It wasn't that entrepreneurship wasn't for me, as such, I don't think. It was that the specific kind of entrepreneurship I was living didn't fit my hopes or goals, and was eclipsing everything else in my life in a very negative way. I didn't think I could fit the care-giving that would potentially be required with the demands of the job. They're still going strong, but I wanted to live a different kind of life, closer to what Tony Stubblebine writes about on his blog. (Tony's the smartest guy I know on the topic.) That was always my intention, but we diverged.
It's certainly positively affected my career. Since leaving, I've spoken at Harvard, been published by IBM and have worked in a bunch of really interesting situations, with fantastic people, on a consultancy basis. Before the startup, I was a ground-level developer, so that's a win. But I'll certainly start a company again, at some point, if only because I'm the kind of person who loves to make things, and to do things on my own terms.
I'd ask yourself carefully if it's entrepreneurship that's not for you, or the situations you've been in.
(By the way, my family's health situation is vastly improved - but I think the thought experiment of what would happen if you needed to be a care-giver is a good one.)
One thing it did for me is that for a while, I was hesitant just jumping into any idea, because I know now how much it can take out of you (years of work before you know it).
Go find something you enjoy doing, and then find people willing to pay for it.

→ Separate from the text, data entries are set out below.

Lemma acc_dst_step K P : antidiag_bounded K P -> Acc (fun Q R => dst_step R Q) P.
Proof.
apply: (acc_measure (f := col_weight K)) => Q R bQ [r [r_gt0 [cQ ->]]].
by split; [apply: antidiag_bounded_dst_move | apply: col_weight_dst_move].
Qed.

(** * Confluence *)

Lemma pipedream_eq (P Q : pipedream) : (forall i j, P i j = Q i j) -> P = Q.
Proof. by move=> PQ; do 2![apply: functional_extensionality => ?]; apply: PQ. Qed.

Definition col0_free (P : pipedream) := forall i, ~~ P i 0.

Lemma col0_free_dst_move P r : col0_free P -> dst_cond P r -> col0_free (dst_move P r).
Proof.
move=> zP [_ Pr1 _] i; have [->|ir] := eqVneq i r; first by rewrite dst_move_r.
have [->|ir1] := eqVneq i r.+1; last by rewrite dst_move_id.
by rewrite dst_move_r1 (negbTE (zP _)) (negbTE Pr1).
Qed.

Lemma dst_cond_ext P Q r : P r =1 Q r -> P r.+1 =1 Q r.+1 -> dst_cond P r -> dst_cond Q r.
Proof.
move=> PQr PQr1 [[j0 Prj0] Pr1 east]; split; first by exists j0; rewrite -PQr.
  by rewrite -PQr.
by move=> j j'; rewrite -PQr -PQr1; apply: east.
Qed.

Lemma dst_move_comm P r s : r.+1 < s ->
  dst_move (dst_move P r) s = dst_move (dst_move P s) r.
Proof.
move=> rs; apply: pipedream_eq => i j.
have [->|i_s] := eqVneq i s; first by rewrite dst_move_r dst_move_id ?dst_move_r //; apply/eqP; lia.
have [->|i_s1] := eqVneq i s.+1.
  by rewrite dst_move_r1 !(@dst_move_id _ r) ?dst_move_r1 //; apply/eqP; lia.
have [->|ir] := eqVneq i r; first by rewrite dst_move_r dst_move_id ?dst_move_r //; apply/eqP; lia.
have [->|ir1] := eqVneq i r.+1; last by rewrite !dst_move_id.
by rewrite dst_move_id ?dst_move_r1 ?(@dst_move_id _ s) //; apply/eqP; lia.
Qed.

Lemma dst_step_far P r s : 1 <= r -> 1 <= s -> r.+1 < s -> dst_cond P r -> dst_cond P s ->
  dst_step (dst_move P r) (dst_move (dst_move P r) s) /\
  dst_step (dst_move P s) (dst_move (dst_move P r) s).
Proof.
move=> r_gt0 s_gt0 rs cPr cPs; split.
  exists s; do 2!split => //.
  by apply: (dst_cond_ext _ _ cPs) => j; rewrite dst_move_id //; apply/eqP; lia.
exists r; do 2!split => //; last exact: dst_move_comm.
by apply: (dst_cond_ext _ _ cPr) => j; rewrite dst_move_id //; apply/eqP; lia.
Qed.

Section AdjacentRows.
Variables (P : pipedream) (r : nat).
Hypotheses (zP : col0_free P) (cPr : dst_cond P r) (cPr1 : dst_cond P r.+1).

Let row_a_gt2 j : P r j -> 2 < j.
Proof.
have [[jb Pb] Pb1 _] := cPr1; have [_ _ east_ab] := cPr.
have jb_gt1 : 1 < jb by case: jb Pb => [|[|]] //; rewrite ?(negbTE (zP _)) ?(negbTE Pb1).
by move=> /east_ab /(_ Pb); lia.
Qed.

Lemma dst_cond_adj_lower : dst_cond (dst_move P r) r.+1.
Proof.
have [[jb Pb] Pb1 east_bc] := cPr1; have [_ _ east_ab] := cPr.
split; first by exists jb; rewrite dst_move_r1 Pb.
  by rewrite dst_move_r1 (negbTE Pb1); apply/negP => /row_a_gt2.
move=> j j'; rewrite dst_move_r1 dst_move_id; try by apply/eqP; lia.
case/orP=> [Pbj Pc|Pa Pc]; first exact: east_bc Pbj Pc.
by have := east_ab _ _ Pa Pb; have := east_bc _ _ Pb Pc; lia.
Qed.

Lemma dst_cond_adj_upper : dst_cond (dst_move P r.+1) r.
Proof.
have [[ja Pa] Pa1 _] := cPr.
split; first by exists ja; rewrite dst_move_id //; apply/eqP; lia.
  by rewrite dst_move_id //; apply/eqP; lia.
by move=> j j' _; rewrite dst_move_r.
Qed.

Lemma dst_cond_adj_again : dst_cond (dst_move (dst_move P r.+1) r) r.+1.
Proof.
have [[ja Pa] _ east_ab] := cPr; have [_ _ east_bc] := cPr1.
have row_r1 j : dst_move (dst_move P r.+1) r r.+1 j = P r j.+1.
  by rewrite dst_move_r1 dst_move_r dst_move_id //; apply/eqP; lia.
split; first by exists ja.-1; rewrite row_r1 prednK // (ltn_trans _ (row_a_gt2 Pa)).
  by rewrite row_r1; apply/negP => /row_a_gt2.
move=> j j'; rewrite row_r1 dst_move_id; try by apply/eqP; lia.
rewrite dst_move_r1 => Paj /orP[Pc|Pbj]; last by have := east_ab _ _ Paj Pbj; lia.
have [[jb Pb] _ _] := cPr1.
by have := east_ab _ _ Paj Pb; have := east_bc _ _ Pb Pc; lia.
Qed.

End AdjacentRows.

Lemma dst_move_adj_eq P r :
  dst_move (dst_move (dst_move P r.+1) r) r.+1 = dst_move (dst_move P r) r.+1.
Proof.
apply: pipedream_eq => i j.
have [->|ir1] := eqVneq i r.+1; first by rewrite !dst_move_r.
have [->|ir2] := eqVneq i r.+2.
  rewrite !dst_move_r1 dst_move_r !(@dst_move_id _ r.+1 r) ?(@dst_move_id _ r r.+2);
    try by apply/eqP; lia.
  by rewrite dst_move_r1 orFb orbA.
have [->|ir] := eqVneq i r.
  by rewrite !(@dst_move_id _ r.+1 r) ?dst_move_r //; apply/eqP; lia.
by rewrite !dst_move_id.
Qed.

Enjoy your life. Don't go searching for the next big thing.
Then, when you least expect it, you will have an itch that needs scratching, that might be of value to other people, and you will be rested and ready to try again.
It will all work out if your are persistent.

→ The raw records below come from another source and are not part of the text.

Lemma card_bad_pairs_le (eps : R) s (lt_sM : (s < M)%N) :
  #|bad_pairs E embed_distr eps L (lvl_ord room lt_sM)|%:R <=
    \sum_(e | forward_edge e) \sum_(q in level_pairs (lvl_ord room lt_sM))
       (if (edge_count L B M e.1 e.2 s q)%:R <
           (1 - eps) * ((B * #|seed n d|)%:R / (tau (lvl_ord room lt_sM))%:R) then 1 else 0 : R).
Proof.
set thr := (1 - eps) * _.
have low_ge0 (e : 'I_n * 'I_n) q :
  0 <= (if (edge_count L B M e.1 e.2 s q)%:R < thr then 1 else 0 : R) by case: (_ < _).
rewrite -sum1_card natr_sum exchange_big /= big_mkcond [X in _ <= X]big_mkcond /=.
apply: ler_sum => q _; case: ifP => [|_]; last by case: ifP => // _; apply: sumr_ge0.
rewrite inE => /and3P[lex delta not_large]; rewrite inE lex delta /=.
have [e /andP[fwd_e low_e]] : exists e, forward_edge e && ((edge_count L B M e.1 e.2 s q)%:R < thr).
  apply/existsP; apply: contraNT not_large => /existsPn high.
  by apply: prob_edge_large => e fwd_e; move: (high e); rewrite fwd_e /= -leNgt.
by rewrite (bigD1 e) //= low_e lerDl; apply: sumr_ge0.
Qed.

Lemma good_level_interior (eps : R) s (le_nB_s : (n * B <= s)%N) (lt_sM : (s < M)%N) :
  0 < eps -> ((n * n) * (2 ^ n * (n * n)))%:R <= eps ^+ 3 * B%:R ->
  good_level E embed_distr eps L (lvl_ord room lt_sM).
Proof.
move=> eps_gt0 B_large; set t : R := (tau (lvl_ord room lt_sM))%:R.
set eta : R := (2 ^ n * (n * n))%:R / B%:R.
have t_gt0 : 0 < t by rewrite ltr0n expn_gt0.
have nn_eta : (n * n)%:R * eta <= eps ^+ 3 by rewrite /eta mulrA -natrM ler_pdivrMr ?ltr0n.
rewrite /good_level; apply: le_trans (card_bad_pairs_le eps lt_sM) _.
apply: le_trans (_ : _ <= \sum_(e | forward_edge e) eta * t / eps ^+ 2) _.
  apply: ler_sum => -[u v] /andP[_ lt_uv]; rewrite ler_pdivlMr ?exprn_gt0 //.
  exact: edge_count_concentration.
rewrite sum_forward_edge_const; apply: le_trans (_ : _ <= (n * n)%:R * (eta * t / eps ^+ 2)) _.
  rewrite ler_wpM2r ?ler_nat ?num_edges_le //.
  by apply: divr_ge0; [apply: mulr_ge0; [apply: divr_ge0 | apply: ltW] | apply/exprn_ge0/ltW].
rewrite mulrA mulrA ler_pdivrMr ?exprn_gt0 // (_ : eps * t * eps ^+ 2 = eps ^+ 3 * t); last by ring.
by rewrite ler_pM2r.
Qed.

End Distribution.

Lemma exists_nat_mul_ge (R : realType) (K e : R) : 0 < e -> exists N : nat, K <= e * N%:R.
Proof.
move=> e_gt0; exists (Num.truncn (K / e)).+1.
by rewrite mulrC -ler_pdivrMr // ltW // truncnS_gt.
Qed.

http://www.youtube.com/watch?v=iA7RKwhrOT0
PS: To me, Gagarin did not restart - was central idea of the animation.
Personally I pay a lot of attention to stories on HN when they mention failure (complete and not just cosmetic how we failed and then won type stories).
There are a couple solutions to this:
1) Invest more of your wages in low risk investments to offset the monetary risk of a startup.
2) Work full-time or as a contractor whilst also working 20% of the time on your own startup to try to gain traction which would lower the risk. Though if that succeeds, you should be then reinvesting your time in another startup. It's a vicious cycle :)
If you don't mind me asking, what would you have done instead?
I've been an entrepreneur for most of my life. Aside from a brief stint at IBM where mostly people looked at me funny for two years, I've done ridiculously financially risky things just because I enjoy taking risks and seeing if I can make them come out. I'm like a compulsive gambler who bets the rent every month, except I place longer-term bets than the craps table, and I've beat the house more than half the time.
I published my first piece of code at 7, and it was for a TRS-80. Like most risk addicts, the #1 predictor of getting hooked is early success. Even if you're predisposed to being an adrenaline junkie, if you hurt yourself trying the first few times, you're done. Needless to say, the heroin of early success has a particularly acute effect on a 7 year old.
I tried a lot of stuff over time, some of it way out of my league, some not worth trying, some just dumb, and some a bad fit for the exigent circumstances of life and market. Those were the losers, and I've been kicked in the balls hard many times by betting on losing ideas, bad plans, lousy partners, conniving vendors, bad customers, and, more than anything, my own personal triumph of hope over cold, hard experience.
I also have just enough successes to keep me hooked. But on average, I'm not a whole lot better off financially than many of my 9-to-5er friends. My years where I turned over a lot of personal income are offset by the years when I don't, for sure. So for me, it just isn't about wealth. It's about the one place where I have the 9-to-5ers beat: that where they say, "Wouldn't it be cool if somebody..." I live my life being able to say, "Isn't it cool that I did?" But that's not the life for everybody. Most folks need the sense of security and uniform societal justification that being one more cog in the machine brings. I've never personally valued or had either.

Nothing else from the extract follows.